━━━ Supplied data
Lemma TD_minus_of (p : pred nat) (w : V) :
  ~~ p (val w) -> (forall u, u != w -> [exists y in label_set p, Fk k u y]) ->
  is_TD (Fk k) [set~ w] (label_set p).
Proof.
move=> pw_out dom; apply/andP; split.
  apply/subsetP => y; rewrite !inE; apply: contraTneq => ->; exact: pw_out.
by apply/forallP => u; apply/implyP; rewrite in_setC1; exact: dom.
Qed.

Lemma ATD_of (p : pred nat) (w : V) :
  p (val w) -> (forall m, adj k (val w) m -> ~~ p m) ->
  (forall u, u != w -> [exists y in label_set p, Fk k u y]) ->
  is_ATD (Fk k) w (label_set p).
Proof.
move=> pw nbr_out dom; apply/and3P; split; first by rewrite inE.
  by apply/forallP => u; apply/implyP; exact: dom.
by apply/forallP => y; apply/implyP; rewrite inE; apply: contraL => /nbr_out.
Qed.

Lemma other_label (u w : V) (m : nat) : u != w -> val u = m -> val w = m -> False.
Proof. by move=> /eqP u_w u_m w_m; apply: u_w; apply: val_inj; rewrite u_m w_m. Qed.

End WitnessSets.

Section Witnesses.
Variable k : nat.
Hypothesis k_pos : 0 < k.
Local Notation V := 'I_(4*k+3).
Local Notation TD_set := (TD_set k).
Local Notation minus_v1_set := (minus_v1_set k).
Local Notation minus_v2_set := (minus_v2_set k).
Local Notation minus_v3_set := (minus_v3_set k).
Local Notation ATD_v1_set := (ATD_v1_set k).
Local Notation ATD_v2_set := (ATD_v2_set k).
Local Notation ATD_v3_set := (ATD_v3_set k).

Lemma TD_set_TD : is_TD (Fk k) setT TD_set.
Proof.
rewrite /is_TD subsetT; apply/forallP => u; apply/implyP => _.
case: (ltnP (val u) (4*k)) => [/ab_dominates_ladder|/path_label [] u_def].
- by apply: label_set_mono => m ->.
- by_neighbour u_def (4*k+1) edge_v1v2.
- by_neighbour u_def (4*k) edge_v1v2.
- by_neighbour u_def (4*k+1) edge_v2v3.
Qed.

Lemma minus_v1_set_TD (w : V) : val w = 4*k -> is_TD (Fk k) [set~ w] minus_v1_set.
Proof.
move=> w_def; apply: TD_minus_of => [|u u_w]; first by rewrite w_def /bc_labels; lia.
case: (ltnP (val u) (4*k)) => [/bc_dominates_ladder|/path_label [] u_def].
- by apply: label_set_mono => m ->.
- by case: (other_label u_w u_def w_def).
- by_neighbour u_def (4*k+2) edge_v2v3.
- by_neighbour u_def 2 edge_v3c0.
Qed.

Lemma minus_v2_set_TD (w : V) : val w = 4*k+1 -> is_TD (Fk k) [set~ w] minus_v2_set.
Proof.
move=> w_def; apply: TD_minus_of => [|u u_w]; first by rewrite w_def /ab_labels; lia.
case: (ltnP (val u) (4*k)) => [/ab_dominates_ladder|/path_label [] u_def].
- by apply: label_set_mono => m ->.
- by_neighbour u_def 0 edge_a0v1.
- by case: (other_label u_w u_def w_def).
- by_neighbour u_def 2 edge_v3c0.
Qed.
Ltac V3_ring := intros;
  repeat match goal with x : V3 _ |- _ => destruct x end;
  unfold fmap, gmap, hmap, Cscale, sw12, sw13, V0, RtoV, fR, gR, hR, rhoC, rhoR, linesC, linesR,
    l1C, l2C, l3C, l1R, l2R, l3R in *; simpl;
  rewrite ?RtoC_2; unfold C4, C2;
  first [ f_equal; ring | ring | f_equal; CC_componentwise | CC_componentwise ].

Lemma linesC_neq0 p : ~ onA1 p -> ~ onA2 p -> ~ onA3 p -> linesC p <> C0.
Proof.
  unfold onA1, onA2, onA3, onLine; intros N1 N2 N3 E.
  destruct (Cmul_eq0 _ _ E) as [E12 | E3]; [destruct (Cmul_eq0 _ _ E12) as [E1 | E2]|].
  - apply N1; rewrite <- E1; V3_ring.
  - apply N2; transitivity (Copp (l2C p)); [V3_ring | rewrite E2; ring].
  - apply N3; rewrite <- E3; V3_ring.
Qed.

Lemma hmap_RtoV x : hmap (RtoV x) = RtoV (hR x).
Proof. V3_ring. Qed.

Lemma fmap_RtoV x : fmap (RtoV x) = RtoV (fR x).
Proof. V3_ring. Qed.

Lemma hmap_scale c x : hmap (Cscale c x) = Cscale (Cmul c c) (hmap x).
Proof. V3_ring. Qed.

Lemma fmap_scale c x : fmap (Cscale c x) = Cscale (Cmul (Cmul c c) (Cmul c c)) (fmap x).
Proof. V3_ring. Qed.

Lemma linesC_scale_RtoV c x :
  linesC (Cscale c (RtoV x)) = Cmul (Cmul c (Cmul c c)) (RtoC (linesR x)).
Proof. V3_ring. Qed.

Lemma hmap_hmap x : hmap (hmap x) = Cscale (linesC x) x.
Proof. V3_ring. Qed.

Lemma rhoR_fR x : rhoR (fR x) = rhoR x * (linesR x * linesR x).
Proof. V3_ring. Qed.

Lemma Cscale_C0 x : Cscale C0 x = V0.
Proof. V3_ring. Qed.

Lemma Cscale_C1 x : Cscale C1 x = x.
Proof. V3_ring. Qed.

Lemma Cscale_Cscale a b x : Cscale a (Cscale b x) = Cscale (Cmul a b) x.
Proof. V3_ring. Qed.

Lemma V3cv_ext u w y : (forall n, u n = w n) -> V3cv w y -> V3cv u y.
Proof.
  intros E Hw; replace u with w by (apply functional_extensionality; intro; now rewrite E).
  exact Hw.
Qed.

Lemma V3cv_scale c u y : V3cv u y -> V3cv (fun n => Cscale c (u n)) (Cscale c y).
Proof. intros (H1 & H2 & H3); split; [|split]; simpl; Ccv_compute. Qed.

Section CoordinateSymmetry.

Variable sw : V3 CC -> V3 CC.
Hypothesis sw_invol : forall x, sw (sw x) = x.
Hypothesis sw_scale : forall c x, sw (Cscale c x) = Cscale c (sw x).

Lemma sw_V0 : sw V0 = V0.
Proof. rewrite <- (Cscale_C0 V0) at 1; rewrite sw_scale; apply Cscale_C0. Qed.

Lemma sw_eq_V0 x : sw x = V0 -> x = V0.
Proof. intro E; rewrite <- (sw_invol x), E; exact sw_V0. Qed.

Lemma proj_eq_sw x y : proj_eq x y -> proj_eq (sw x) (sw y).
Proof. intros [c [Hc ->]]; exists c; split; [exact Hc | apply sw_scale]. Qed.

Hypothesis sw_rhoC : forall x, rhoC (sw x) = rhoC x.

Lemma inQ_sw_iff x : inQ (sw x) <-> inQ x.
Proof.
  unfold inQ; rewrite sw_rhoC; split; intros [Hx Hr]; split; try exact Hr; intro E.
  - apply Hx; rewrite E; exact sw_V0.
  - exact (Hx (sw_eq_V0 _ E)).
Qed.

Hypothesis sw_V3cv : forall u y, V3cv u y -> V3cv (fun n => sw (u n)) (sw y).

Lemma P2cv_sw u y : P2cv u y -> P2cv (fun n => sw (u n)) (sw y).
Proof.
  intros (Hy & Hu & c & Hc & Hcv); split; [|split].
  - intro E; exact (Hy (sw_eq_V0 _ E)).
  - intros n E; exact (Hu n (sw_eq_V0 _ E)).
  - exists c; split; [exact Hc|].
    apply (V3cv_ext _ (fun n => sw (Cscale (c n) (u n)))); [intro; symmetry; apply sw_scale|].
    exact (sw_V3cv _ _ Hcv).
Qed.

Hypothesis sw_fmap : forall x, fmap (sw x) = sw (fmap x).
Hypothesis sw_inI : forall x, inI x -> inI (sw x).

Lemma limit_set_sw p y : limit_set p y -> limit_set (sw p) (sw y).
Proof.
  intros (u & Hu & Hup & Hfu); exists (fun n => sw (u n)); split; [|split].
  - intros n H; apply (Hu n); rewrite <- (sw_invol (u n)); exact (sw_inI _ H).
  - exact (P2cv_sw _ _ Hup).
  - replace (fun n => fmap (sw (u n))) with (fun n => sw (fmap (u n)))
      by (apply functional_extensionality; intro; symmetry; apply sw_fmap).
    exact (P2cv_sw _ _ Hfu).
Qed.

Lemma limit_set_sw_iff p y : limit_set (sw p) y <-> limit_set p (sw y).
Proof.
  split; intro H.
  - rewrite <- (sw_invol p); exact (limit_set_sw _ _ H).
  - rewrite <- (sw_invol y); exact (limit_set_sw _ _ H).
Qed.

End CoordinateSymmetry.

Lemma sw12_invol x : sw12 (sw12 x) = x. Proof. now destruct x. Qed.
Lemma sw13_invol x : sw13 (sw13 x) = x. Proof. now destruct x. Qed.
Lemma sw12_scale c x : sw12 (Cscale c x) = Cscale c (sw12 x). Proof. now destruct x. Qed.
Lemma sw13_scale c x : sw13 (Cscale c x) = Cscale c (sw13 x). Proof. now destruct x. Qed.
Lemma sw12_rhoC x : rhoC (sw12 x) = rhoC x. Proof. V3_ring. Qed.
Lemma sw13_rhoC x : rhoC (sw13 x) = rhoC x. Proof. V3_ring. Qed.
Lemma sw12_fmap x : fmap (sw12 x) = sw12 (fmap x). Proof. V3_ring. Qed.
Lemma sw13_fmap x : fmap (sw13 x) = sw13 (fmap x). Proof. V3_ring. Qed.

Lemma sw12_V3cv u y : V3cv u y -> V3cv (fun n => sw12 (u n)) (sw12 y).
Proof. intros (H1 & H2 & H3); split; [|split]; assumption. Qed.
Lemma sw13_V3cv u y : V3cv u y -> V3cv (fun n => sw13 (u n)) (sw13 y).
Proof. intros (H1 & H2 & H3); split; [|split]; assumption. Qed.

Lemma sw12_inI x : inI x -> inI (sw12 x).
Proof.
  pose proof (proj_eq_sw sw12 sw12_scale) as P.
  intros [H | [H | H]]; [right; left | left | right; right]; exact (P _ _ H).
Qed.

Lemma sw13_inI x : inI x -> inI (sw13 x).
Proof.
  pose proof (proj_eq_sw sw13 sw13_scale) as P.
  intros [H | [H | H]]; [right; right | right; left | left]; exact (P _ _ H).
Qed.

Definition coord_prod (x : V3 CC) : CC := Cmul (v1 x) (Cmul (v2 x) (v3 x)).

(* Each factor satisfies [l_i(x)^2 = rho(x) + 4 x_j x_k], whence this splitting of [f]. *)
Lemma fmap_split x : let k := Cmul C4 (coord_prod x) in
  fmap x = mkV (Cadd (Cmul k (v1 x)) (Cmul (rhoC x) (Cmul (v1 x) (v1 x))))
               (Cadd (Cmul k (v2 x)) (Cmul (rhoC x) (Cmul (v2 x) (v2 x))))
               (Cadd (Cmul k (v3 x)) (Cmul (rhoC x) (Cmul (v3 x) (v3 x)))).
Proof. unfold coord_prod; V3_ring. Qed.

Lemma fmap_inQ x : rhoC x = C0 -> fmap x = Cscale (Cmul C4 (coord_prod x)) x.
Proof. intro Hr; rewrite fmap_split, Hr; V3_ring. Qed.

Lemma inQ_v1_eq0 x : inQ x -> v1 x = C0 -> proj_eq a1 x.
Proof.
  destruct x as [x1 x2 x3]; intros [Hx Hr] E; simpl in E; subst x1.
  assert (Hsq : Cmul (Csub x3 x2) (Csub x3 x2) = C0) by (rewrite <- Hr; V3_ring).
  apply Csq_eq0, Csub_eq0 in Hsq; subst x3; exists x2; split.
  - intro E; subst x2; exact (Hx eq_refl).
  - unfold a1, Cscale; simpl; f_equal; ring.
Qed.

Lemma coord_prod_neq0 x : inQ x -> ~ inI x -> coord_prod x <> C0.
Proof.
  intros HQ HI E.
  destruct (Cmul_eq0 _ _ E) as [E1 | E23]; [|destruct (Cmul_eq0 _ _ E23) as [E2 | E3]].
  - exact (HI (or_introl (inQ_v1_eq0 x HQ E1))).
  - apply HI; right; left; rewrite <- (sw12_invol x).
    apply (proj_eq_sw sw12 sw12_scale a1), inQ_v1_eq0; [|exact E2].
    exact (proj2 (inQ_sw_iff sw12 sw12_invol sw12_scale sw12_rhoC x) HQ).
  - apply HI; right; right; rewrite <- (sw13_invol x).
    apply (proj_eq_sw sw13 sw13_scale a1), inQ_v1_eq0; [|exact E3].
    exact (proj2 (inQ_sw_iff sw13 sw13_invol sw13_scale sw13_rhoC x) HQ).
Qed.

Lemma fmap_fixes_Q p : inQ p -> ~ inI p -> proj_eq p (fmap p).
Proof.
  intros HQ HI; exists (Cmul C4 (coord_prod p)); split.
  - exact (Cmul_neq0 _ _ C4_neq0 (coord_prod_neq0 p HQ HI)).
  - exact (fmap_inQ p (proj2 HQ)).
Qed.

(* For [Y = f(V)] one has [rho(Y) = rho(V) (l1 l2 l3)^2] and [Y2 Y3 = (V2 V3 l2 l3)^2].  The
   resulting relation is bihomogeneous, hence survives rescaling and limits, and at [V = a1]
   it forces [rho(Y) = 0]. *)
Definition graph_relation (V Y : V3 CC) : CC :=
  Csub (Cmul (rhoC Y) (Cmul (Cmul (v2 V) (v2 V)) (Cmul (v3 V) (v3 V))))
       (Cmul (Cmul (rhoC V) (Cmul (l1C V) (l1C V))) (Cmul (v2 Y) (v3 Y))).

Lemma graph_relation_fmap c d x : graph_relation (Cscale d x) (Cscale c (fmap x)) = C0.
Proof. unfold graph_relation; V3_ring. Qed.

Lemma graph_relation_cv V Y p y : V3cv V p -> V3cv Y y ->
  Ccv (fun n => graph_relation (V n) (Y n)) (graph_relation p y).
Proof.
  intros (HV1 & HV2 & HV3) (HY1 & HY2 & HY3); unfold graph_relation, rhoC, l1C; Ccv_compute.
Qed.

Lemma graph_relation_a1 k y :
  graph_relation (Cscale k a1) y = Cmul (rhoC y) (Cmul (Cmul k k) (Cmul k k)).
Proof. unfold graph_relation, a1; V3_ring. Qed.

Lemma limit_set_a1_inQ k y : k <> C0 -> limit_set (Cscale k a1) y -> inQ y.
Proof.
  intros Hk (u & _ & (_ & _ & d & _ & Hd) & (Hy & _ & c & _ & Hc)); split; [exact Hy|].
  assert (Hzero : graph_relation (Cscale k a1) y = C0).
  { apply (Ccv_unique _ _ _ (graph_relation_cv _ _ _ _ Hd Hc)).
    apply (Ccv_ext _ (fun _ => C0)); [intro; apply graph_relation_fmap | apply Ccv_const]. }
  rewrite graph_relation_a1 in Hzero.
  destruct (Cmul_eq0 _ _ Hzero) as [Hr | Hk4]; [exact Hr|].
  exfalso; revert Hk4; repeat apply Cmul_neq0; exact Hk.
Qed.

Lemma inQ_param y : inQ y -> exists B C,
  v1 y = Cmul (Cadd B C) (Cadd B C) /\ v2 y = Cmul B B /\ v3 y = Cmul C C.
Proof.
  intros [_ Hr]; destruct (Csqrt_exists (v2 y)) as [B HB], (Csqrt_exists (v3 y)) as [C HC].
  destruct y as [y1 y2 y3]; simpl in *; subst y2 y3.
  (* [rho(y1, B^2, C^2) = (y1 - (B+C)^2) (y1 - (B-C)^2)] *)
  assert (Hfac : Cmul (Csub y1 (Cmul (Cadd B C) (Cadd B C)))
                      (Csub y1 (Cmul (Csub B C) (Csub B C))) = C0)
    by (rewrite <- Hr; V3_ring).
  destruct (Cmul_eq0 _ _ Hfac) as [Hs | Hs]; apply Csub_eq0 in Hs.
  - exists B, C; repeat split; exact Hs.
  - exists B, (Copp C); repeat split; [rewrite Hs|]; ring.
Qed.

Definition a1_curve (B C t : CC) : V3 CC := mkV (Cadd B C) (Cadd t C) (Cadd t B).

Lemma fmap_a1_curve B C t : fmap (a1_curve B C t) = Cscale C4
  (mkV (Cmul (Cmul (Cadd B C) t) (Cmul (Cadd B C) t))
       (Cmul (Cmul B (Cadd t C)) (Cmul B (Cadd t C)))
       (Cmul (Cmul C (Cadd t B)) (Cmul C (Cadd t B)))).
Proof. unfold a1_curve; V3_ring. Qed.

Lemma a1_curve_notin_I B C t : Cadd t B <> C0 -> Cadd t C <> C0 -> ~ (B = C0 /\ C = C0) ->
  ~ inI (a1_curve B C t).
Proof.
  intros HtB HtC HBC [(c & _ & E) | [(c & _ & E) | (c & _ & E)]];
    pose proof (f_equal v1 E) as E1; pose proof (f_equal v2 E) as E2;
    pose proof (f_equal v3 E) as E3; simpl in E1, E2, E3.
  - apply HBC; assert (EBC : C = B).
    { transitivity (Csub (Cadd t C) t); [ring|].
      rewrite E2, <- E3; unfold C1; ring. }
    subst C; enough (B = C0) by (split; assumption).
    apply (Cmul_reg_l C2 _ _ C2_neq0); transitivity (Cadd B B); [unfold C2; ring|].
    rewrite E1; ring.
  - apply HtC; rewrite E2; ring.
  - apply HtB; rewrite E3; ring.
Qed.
━━━━━━
In the listing above, find the line containing "is_TD (Fk k) [set~ w] (label_set p)." and the line containing "move=> pw nbr_out", then repeat those two lines and everything between them exactly.

  is_TD (Fk k) [set~ w] (label_set p).
Proof.
move=> pw_out dom; apply/andP; split.
  apply/subsetP => y; rewrite !inE; apply: contraTneq => ->; exact: pw_out.
by apply/forallP => u; apply/implyP; rewrite in_setC1; exact: dom.
Qed.

Lemma ATD_of (p : pred nat) (w : V) :
  p (val w) -> (forall m, adj k (val w) m -> ~~ p m) ->
  (forall u, u != w -> [exists y in label_set p, Fk k u y]) ->
  is_ATD (Fk k) w (label_set p).
Proof.
move=> pw nbr_out dom; apply/and3P; split; first by rewrite inE.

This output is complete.